08/21/2023 / By Belle Carter
As the soaring cost of living continues to plague and hunt the lives of Americans and Canadians from all walks of life as well as people from all around the world, they resort to social media to vent out and air their frustrations.
Millennials and Gen Z are the main target market of these platforms. People from these age groups are the most likely to post and browse for topics about how they are breaking down or increasingly becoming unable to afford basic necessities, such as food and housing. X, formerly Twitter, account user @WallStreetSilv compiled videos from the short-form video hosting service TikTok, wherein these adults talked about their struggles. The first video included a woman inquiring: “I have a question: how are we affording life right now?”
The cost of living crisis is astronomical everywhere. It feels like we’re just working to barely survive ???

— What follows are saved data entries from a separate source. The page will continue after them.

Section Oct.
Variable F : fieldType.

Record vec3 := V3 { c1 : F; c2 : F; c3 : F }.

Definition vadd (x y : vec3) := V3 (c1 x + c1 y) (c2 x + c2 y) (c3 x + c3 y).
Definition vscale (k : F) (x : vec3) := V3 (k * c1 x) (k * c2 x) (k * c3 x).
Definition vdot (x y : vec3) : F := c1 x * c1 y + c2 x * c2 y + c3 x * c3 y.
Definition vcross (x y : vec3) : vec3 :=
  V3 (c2 x * c3 y - c3 x * c2 y) (c3 x * c1 y - c1 x * c3 y) (c1 x * c2 y - c2 x * c1 y).
Definition vzero : vec3 := V3 0 0 0.

(* a = ( alpha  u ; v  beta ) *)
Record oct := Oct { oalpha : F; ou : vec3; ov : vec3; obeta : F }.

Definition oadd (a b : oct) :=
  Oct (oalpha a + oalpha b) (vadd (ou a) (ou b)) (vadd (ov a) (ov b)) (obeta a + obeta b).
Definition oscale (k : F) (a : oct) :=
  Oct (k * oalpha a) (vscale k (ou a)) (vscale k (ov a)) (k * obeta a).
Definition ozero : oct := Oct 0 vzero vzero 0.

Definition omul (a b : oct) : oct :=
  Oct (oalpha a * oalpha b + vdot (ou a) (ov b))
      (vadd (vadd (vscale (oalpha a) (ou b)) (vscale (obeta b) (ou a)))
            (vscale (-1) (vcross (ov a) (ov b))))
      (vadd (vadd (vscale (oalpha b) (ov a)) (vscale (obeta a) (ov b)))
            (vcross (ou a) (ou b)))
      (obeta a * obeta b + vdot (ov a) (ou b)).

Definition otr (a : oct) : F := oalpha a + obeta a.

Definition oe1 : oct := Oct 1 vzero vzero 0.
Definition oe2 : oct := Oct 0 vzero vzero 1.
Definition ou1 : oct := Oct 0 (V3 1 0 0) vzero 0.
Definition oone : oct := Oct 1 vzero vzero 1.

Definition is_subalgebra (A : oct -> Prop) : Prop :=
  [/\ A ozero,
      (forall x y, A x -> A y -> A (oadd x y)),
      (forall k x, A x -> A (oscale k x)) &
      (forall x y, A x -> A y -> A (omul x y))].

Definition is_G2 (g : oct -> oct) : Prop :=
  [/\ (forall x y, g (oadd x y) = oadd (g x) (g y)),
      (forall k x, g (oscale k x) = oscale k (g x)),
      (forall x y, g (omul x y) = omul (g x) (g y)) &
      bijective g].

Definition in_image (g : oct -> oct) (A : oct -> Prop) (y : oct) : Prop :=
  exists2 x, A x & g x = y.

End Oct.

From mathcomp Require Import all_boot all_algebra.
From mathcomp Require Import ring.
Set Implicit Arguments. Unset Strict Implicit. Unset Printing Implicit Defensive.
Import GRing.Theory.
Local Open Scope ring_scope.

Compilation of videos with people talking about the struggle going on.
This is a must watch video. ?
— Wall Street Silver (@WallStreetSilv) August 15, 2023
Next in the montage was s a slideshow of photos of people in seemingly “existential crisis.” The clips were captioned with their worries and fears on how to survive and that no matter how they work, the cost of living is still out of their price ranges. In the short video compilation, young people are also talking about how they are suppressing their “cravings” and avoiding doing the things that they want as these have become a luxury already.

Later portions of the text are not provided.